(* Let $P=\sum_{k=1}^K N_k$, $\kappa=2P$, and assume $N_I\ge\kappa$; write $N=N_I$. Let $\mathbf U\in\bar{\mathcal U}$ be such that every square submatrix of $\mathbf M_{\mathbf U}$ is nonsingular. Let $\mathbf a_n^T$ and $\mathbf b_n^T$ ($n=1,\dots,N$) be the rows of $\mathbf M_{\mathbf U}$ and $\boldsymbol\Gamma_{\mathbf U}$, respectively, let $\mathbf A$ be the block matrix $[\mathbf A_{m,n}]_{m,n=1}^N$ with $\mathbf A_{m,n}\in\mathbb R^{\kappa\times\min\{\kappa,N-n+1\}}$, whose $q$-th column is $\mathbf a_{q+n-1}$ if $m=n$, $\mathbf a_n$ if $m=q+n-1\neq n$, and $\mathbf 0$ otherwise, and let $\mathbf b=[\mathbf b_1^T,\dots,\mathbf b_N^T]^T\in\mathbb R^{N\kappa}$. Then $$\operatorname{rank}([\mathbf A\ \ \mathbf b])=N\kappa-\frac{\kappa(\kappa-1)}{2}.$$ (In particular, together with $\operatorname{rank}\mathbf A=N\kappa-\kappa(\kappa-1)/2$, the system $\mathbf A\mathbf x=\mathbf b$ is solvable.)
   Context: $Z_0>0$, $\mathbf H_r\in\mathbb C^{P\times N_I}$ is arbitrary, $\mathsf i$ is the imaginary unit, and $\mathcal R(\cdot),\mathcal I(\cdot)$ denote entrywise real and imaginary parts. $\bar{\mathcal U}=\{\mathbf U\in\mathbb C^{N_I\times P}:\ \mathbf U^H\mathbf U=\mathbf H_r\mathbf H_r^H,\ \mathbf U^T\mathbf H_r^H=(\mathbf U^T\mathbf H_r^H)^T\}$. For $\mathbf U\in\mathbb C^{N_I\times P}$, $\mathbf M_{\mathbf U}=[\mathcal R(\mathsf iZ_0(\mathbf H_r^H+\mathbf U))\ \ \mathcal I(\mathsf iZ_0(\mathbf H_r^H+\mathbf U))]\in\mathbb R^{N_I\times 2P}$ and $\boldsymbol\Gamma_{\mathbf U}=[\mathcal R(\mathbf U-\mathbf H_r^H)\ \ \mathcal I(\mathbf U-\mathbf H_r^H)]\in\mathbb R^{N_I\times 2P}$. The matrix $\mathbf A$ has $N\kappa$ rows and $N\kappa-\kappa(\kappa-1)/2$ columns; its column indexed by block $n$ and position $q$ corresponds to the variable $B_{n,n+q-1}$ of a real symmetric band matrix $\mathbf B$ with band width $\kappa-1$, and $\mathbf A\mathbf x=\mathbf b$ is the equation $\mathbf B\mathbf M_{\mathbf U}=\boldsymbol\Gamma_{\mathbf U}$ written row by row. *)

From HB Require Import structures.
From mathcomp Require Import all_boot all_order all_algebra.
From mathcomp Require Import complex.
Set Implicit Arguments. Unset Strict Implicit. Unset Printing Implicit Defensive.
Import Order.TTheory GRing.Theory Num.Theory.
Local Open Scope ring_scope.

Section Defs.
Variable R : rcfType.
Local Notation C := (complex R).

Definition ctr m n (X : 'M[C]_(m, n)) : 'M[C]_(n, m) := map_mx (fun z : C => (let: Complex a b := z in Complex a (- b))) X^T.

Definition ReM m n (X : 'M[C]_(m, n)) : 'M[R]_(m, n) := map_mx (@complex.Re R) X.
Definition ImM m n (X : 'M[C]_(m, n)) : 'M[R]_(m, n) := map_mx (@complex.Im R) X.

Definition iC : C := Complex 0 1.

Definition in_Ubar P N (Hr : 'M[C]_(P, N)) (U : 'M[C]_(N, P)) : Prop :=
  ctr U *m U = Hr *m ctr Hr /\ (U^T *m ctr Hr)^T = U^T *m ctr Hr.

Definition M_U P N (Z0 : R) (Hr : 'M[C]_(P, N)) (U : 'M[C]_(N, P)) : 'M[R]_(N, P + P) :=
  let X := (iC * Complex Z0 0) *: (ctr Hr + U) in row_mx (ReM X) (ImM X).

Definition Gamma_U P N (Hr : 'M[C]_(P, N)) (U : 'M[C]_(N, P)) : 'M[R]_(N, P + P) :=
  let X := U - ctr Hr in row_mx (ReM X) (ImM X).

Definition all_square_submx_nonsingular m n (M : 'M[R]_(m, n)) : Prop :=
  forall k (f : 'I_k -> 'I_m) (g : 'I_k -> 'I_n),
    injective f -> injective g -> \det (mxsub f g M) != 0.

(* entry i of the (0-based) k-th row of M, or 0 if k is out of range (never
   used out of range below) *)
Definition rowent m n (M : 'M[R]_(m, n)) (k : nat) (i : 'I_n) : R :=
  if insub k is Some k' then M k' i else 0.

(* This is the paper's definition shifted to 0-based indices. *)
Definition A_blk N kappa (M : 'M[R]_(N, kappa)) (m n : 'I_N) :
    'M[R]_(kappa, minn kappa (N - n)) :=
  \matrix_(i < kappa, q < minn kappa (N - n))
    if m == n then rowent M (q + n) i
    else if (m : nat) == (q + n)%N then M n i
    else 0.

Definition A_mx N kappa (M : 'M[R]_(N, kappa)) :
    'M[R]_(\sum_(m < N) kappa, \sum_(n < N) minn kappa (N - n)) :=
  \mxblock_(m < N, n < N) A_blk M m n.

Definition b_vec N kappa (G : 'M[R]_(N, kappa)) : 'cV[R]_(\sum_(m < N) kappa) :=
  \mxcol_(m < N) (row m G)^T.

End Defs.

From Pilot Require Import Defs.
From HB Require Import structures.
From mathcomp Require Import all_boot all_order all_algebra.
From mathcomp Require Import complex.
From mathcomp Require Import zify ring lra.
Set Implicit Arguments. Unset Strict Implicit. Unset Printing Implicit Defensive.
Import Order.TTheory GRing.Theory Num.Theory.
Local Open Scope ring_scope.

(* The matrix A is the band equation B M = Gamma written row by row, so it is block
   lower triangular, and its diagonal blocks are transposed row submatrices of M;
   these are injective because every square submatrix of M is nonsingular, hence A
   has full column rank N kappa - kappa (kappa - 1) / 2. Conversely, each pair p < q
   of columns yields the functional Y |-> (M^T Y)_pq - (M^T Y)_qp on stacked rows. It
   kills every column of A, since M^T B M is symmetric for symmetric B, and it kills
   b, since M^T Gamma is symmetric (a consequence of U^T H_r^H being symmetric and
   U^H U = H_r H_r^H). As M has full column rank these kappa (kappa - 1) / 2
   functionals are independent, which bounds rank [A b] from above. *)

Definition upper_pairs k := [set p : 'I_k * 'I_k | (p.1 < p.2)%N].

Lemma sum_rev_ltn k : (\sum_(i < k) (k - i.+1) = 'C(k, 2))%N.
Proof.
rewrite -bin2_sum big_mkord (reindex_inj rev_ord_inj) /=.
by apply: eq_bigr => i _; have := ltn_ord i; lia.
Qed.

Lemma card_upper_pairs k : #|upper_pairs k| = 'C(k, 2).
Proof.
rewrite -sum_rev_ltn -sum1_card.
rewrite (eq_bigl (fun p : 'I_k * 'I_k => xpredT p.1 && (p.1 < p.2)%N)); last first.
  by move=> p; rewrite inE.
rewrite -(pair_big_dep xpredT (fun i j : 'I_k => (i < j)%N) (fun _ _ => 1%N)).
apply: eq_bigr => i _.
transitivity (\sum_(i.+1 <= j < k) 1)%N; last by rewrite sum_nat_const_nat muln1.
by rewrite big_geq_mkord; apply: eq_bigl.
Qed.

Lemma sum_minn_sub k N : (k <= N)%N ->
  (\sum_(n < N) minn k (N - n) + 'C(k, 2) = N * k)%N.
Proof.
move=> le_kN; rewrite -sum_rev_ltn (big_ord_widen N (fun i => k - i.+1)%N le_kN).
rewrite (reindex_inj rev_ord_inj) [X in (_ + X)%N]big_mkcond -big_split /=.
rewrite -[in RHS](card_ord N) -sum_nat_const; apply: eq_bigr => n _.
by case: ifP; have := ltn_ord n; lia.
Qed.

Lemma mxrank_inj_mulmx (F : fieldType) r c (A : 'M[F]_(r, c)) :
  (forall x : 'cV_c, A *m x = 0 -> x = 0) -> \rank A = c.
Proof.
move=> injA; rewrite -mxrank_tr; apply/eqP; apply: inj_row_free => v.
move/(congr1 trmx); rewrite trmx_mul trmxK trmx0 => /injA /(congr1 trmx).
by rewrite trmxK trmx0.
Qed.

Lemma mxrank_row_mx_annihilated (F : fieldType) p r c d (Z : 'M[F]_(p, r))
    (A : 'M_(r, c)) (B : 'M_(r, d)) :
  Z *m A = 0 -> Z *m B = 0 -> (\rank Z + \rank A = r)%N ->
  \rank (row_mx A B) = \rank A.
Proof.
move=> ZA ZB rankZA; apply/eqP; rewrite eqn_leq; apply/andP; split.
  have := @mulmx0_rank_max _ _ _ _ Z (row_mx A B).
  by rewrite mul_mx_row ZA ZB row_mx0 => /(_ erefl); lia.
have := mxrankM_maxl (row_mx A B) (col_mx 1%:M (0 : 'M_(d, c))).
by rewrite mul_row_col mulmx1 mulmx0 addr0.
Qed.

Lemma all_square_submx_nonsingular_rank (R : rcfType) N k (M : 'M[R]_(N, k)) :
  all_square_submx_nonsingular M -> (k <= N)%N -> \rank M = k.
Proof.
move=> M_nonsing le_kN; apply/eqP; rewrite eqn_leq rank_leq_col /=.
have rank_sub : \rank (rowsub (widen_ord le_kN) M) = k.
  rewrite mxrank_unit // unitmxE unitfE M_nonsing //.
  by move=> i j /(congr1 val) /= /val_inj.
by rewrite -{1}rank_sub rowsubE mxrankM_maxr.
Qed.

Section BandBlocks.
Variables (R : rcfType) (N k : nat) (M : 'M[R]_(N, k)).

Lemma band_idx_subproof (n : 'I_N) (q : 'I_(minn k (N - n))) : (q + n < N)%N.
Proof. by have := ltn_ord q; have := ltn_ord n; lia. Qed.

Definition band_idx (n : 'I_N) (q : 'I_(minn k (N - n))) : 'I_N :=
  Ordinal (@band_idx_subproof n q).

Lemma band_idx_inj n : injective (@band_idx n).
Proof. by move=> q q' /(congr1 val) /= /addIn /val_inj. Qed.

Lemma rowent_band (n : 'I_N) (q : 'I_(minn k (N - n))) i :
  rowent M (q + n) i = M (band_idx q) i.
Proof.
rewrite /rowent; case: insubP => [j _ j_qn|]; last by rewrite band_idx_subproof.
by congr (M _ i); apply: val_inj.
Qed.

Lemma A_blk_diag n : A_blk M n n = (rowsub (@band_idx n) M)^T.
Proof. by apply/matrixP => i q; rewrite !mxE eqxx rowent_band. Qed.

Lemma A_blk_upper (m n : 'I_N) : (m < n)%N -> A_blk M m n = 0.
Proof.
move=> lt_mn; apply/matrixP => i q; rewrite !mxE.
have -> : (m == n) = false by apply: ltn_eqF.
by rewrite ifN //; apply/eqP; lia.
Qed.

(* Column (n, q) of [A_mx M] stacks the rows of [B *m M], where the symmetric [B] has
   ones exactly at (n, n + q) and (n + q, n). *)
Lemma A_blk_col_mul n q a b :
  (M^T *m \matrix_(m, l) A_blk M m n l q) a b
    = M n a * M (band_idx q) b + (band_idx q != n)%:R * (M (band_idx q) a * M n b).
Proof.
rewrite !mxE (bigD1 n) //= !mxE eqxx rowent_band; congr (_ + _).
have [qn|ne_qn] := eqVneq (band_idx q) n; rewrite ?mul0r ?mul1r.
  apply: big1 => m ne_mn; rewrite !mxE ifN // ifN ?mulr0 //.
  by rewrite -[(q + n)%N]/(val (band_idx q)) qn.
rewrite (bigD1 (band_idx q)) //= !mxE ifN // eqxx big1 ?addr0 //.
move=> m /andP [ne_mn ne_mq].
by rewrite !mxE ifN // ifN ?mulr0.
Qed.

Lemma A_blk_col_sym n q :
  let S := M^T *m \matrix_(m, l) A_blk M m n l q in S^T = S.
Proof.
apply/matrixP => a b; rewrite mxE !A_blk_col_mul.
by have [->|_] := eqVneq (band_idx q) n; rewrite ?mul0r ?mul1r; ring.
Qed.

Hypothesis M_nonsing : all_square_submx_nonsingular M.

Lemma A_blk_diag_inj (n : 'I_N) (v : 'cV_(minn k (N - n))) :
  A_blk M n n *m v = 0 -> v = 0.
Proof.
pose g := widen_ord (geq_minl k (N - n)).
have unitS : rowsub g (A_blk M n n) \in unitmx.
  rewrite A_blk_diag (_ : rowsub g _ = (mxsub (@band_idx n) g M)^T); last first.
    by apply/matrixP => i j; rewrite !mxE.
  rewrite unitmx_tr unitmxE unitfE M_nonsing //; first exact: band_idx_inj.
  by move=> q q' /(congr1 val) /= /val_inj.
move=> Av0; rewrite -(mulKmx unitS v) mul_rowsub_mx Av0.
by rewrite (_ : rowsub g 0 = 0) ?mulmx0 //; apply/matrixP => i j; rewrite !mxE.
Qed.

Lemma A_mx_inj (x : 'cV_(\sum_(n < N) minn k (N - n))) :
  A_mx M *m x = 0 -> x = 0.
Proof.
rewrite -(submxcolK x) /A_mx mul_mxblock_mxrow => Ax0.
have rowsA n : \sum_m A_blk M n m *m submxcol x m = 0.
  by have := congr1 (fun X => submxcol X n) Ax0; rewrite mxcolK submxcol0.
suff x0 t (n : 'I_N) : (n < t)%N -> submxcol x n = 0.
  by rewrite (eq_mxcol (fun n : 'I_N => x0 n.+1 n (ltnSn n))) mxcol0.
elim: t n => // t IH n lt_nt; have [/IH//|ge_nt] := ltnP n t.
apply: A_blk_diag_inj; rewrite -(rowsA n) (bigD1 n) //= big1 ?addr0 // => m ne_mn.
have [lt_nm|lt_mn|/val_inj eq_nm] := ltngtP n m; last by rewrite eq_nm eqxx in ne_mn.
  by rewrite A_blk_upper ?mul0mx.
by rewrite IH ?mulmx0 //; lia.
Qed.

Lemma rank_A_mx : \rank (A_mx M) = (\sum_(n < N) minn k (N - n))%N.
Proof. by apply: mxrank_inj_mulmx; apply: A_mx_inj. Qed.

End BandBlocks.

Section SkewFunctionals.
Variables (R : rcfType) (N k : nat) (M : 'M[R]_(N, k)).

Definition upair (j : 'I_#|upper_pairs k|) : 'I_k * 'I_k := enum_val j.

Lemma upair_lt j : ((upair j).1 < (upair j).2)%N.
Proof. by have := enum_valP j; rewrite inE. Qed.

Definition skew_at (S : 'M[R]_k) j :=
  S (upair j).1 (upair j).2 - S (upair j).2 (upair j).1.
______
# Directions for this task:
Beginning at the line above with "Proof. by have := ltn_ord" and finishing at the line with "have unitS : rowsub", return each line exactly and return nothing else.

# Task output:
Proof. by have := ltn_ord q; have := ltn_ord n; lia. Qed.

Definition band_idx (n : 'I_N) (q : 'I_(minn k (N - n))) : 'I_N :=
  Ordinal (@band_idx_subproof n q).

Lemma band_idx_inj n : injective (@band_idx n).
Proof. by move=> q q' /(congr1 val) /= /addIn /val_inj. Qed.

Lemma rowent_band (n : 'I_N) (q : 'I_(minn k (N - n))) i :
  rowent M (q + n) i = M (band_idx q) i.
Proof.
rewrite /rowent; case: insubP => [j _ j_qn|]; last by rewrite band_idx_subproof.
by congr (M _ i); apply: val_inj.
Qed.

Lemma A_blk_diag n : A_blk M n n = (rowsub (@band_idx n) M)^T.
Proof. by apply/matrixP => i q; rewrite !mxE eqxx rowent_band. Qed.

Lemma A_blk_upper (m n : 'I_N) : (m < n)%N -> A_blk M m n = 0.
Proof.
move=> lt_mn; apply/matrixP => i q; rewrite !mxE.
have -> : (m == n) = false by apply: ltn_eqF.
by rewrite ifN //; apply/eqP; lia.
Qed.

(* Column (n, q) of [A_mx M] stacks the rows of [B *m M], where the symmetric [B] has
   ones exactly at (n, n + q) and (n + q, n). *)
Lemma A_blk_col_mul n q a b :
  (M^T *m \matrix_(m, l) A_blk M m n l q) a b
    = M n a * M (band_idx q) b + (band_idx q != n)%:R * (M (band_idx q) a * M n b).
Proof.
rewrite !mxE (bigD1 n) //= !mxE eqxx rowent_band; congr (_ + _).
have [qn|ne_qn] := eqVneq (band_idx q) n; rewrite ?mul0r ?mul1r.
  apply: big1 => m ne_mn; rewrite !mxE ifN // ifN ?mulr0 //.
  by rewrite -[(q + n)%N]/(val (band_idx q)) qn.
rewrite (bigD1 (band_idx q)) //= !mxE ifN // eqxx big1 ?addr0 //.
move=> m /andP [ne_mn ne_mq].
by rewrite !mxE ifN // ifN ?mulr0.
Qed.

Lemma A_blk_col_sym n q :
  let S := M^T *m \matrix_(m, l) A_blk M m n l q in S^T = S.
Proof.
apply/matrixP => a b; rewrite mxE !A_blk_col_mul.
by have [->|_] := eqVneq (band_idx q) n; rewrite ?mul0r ?mul1r; ring.
Qed.

Hypothesis M_nonsing : all_square_submx_nonsingular M.

Lemma A_blk_diag_inj (n : 'I_N) (v : 'cV_(minn k (N - n))) :
  A_blk M n n *m v = 0 -> v = 0.
Proof.
pose g := widen_ord (geq_minl k (N - n)).
have unitS : rowsub g (A_blk M n n) \in unitmx.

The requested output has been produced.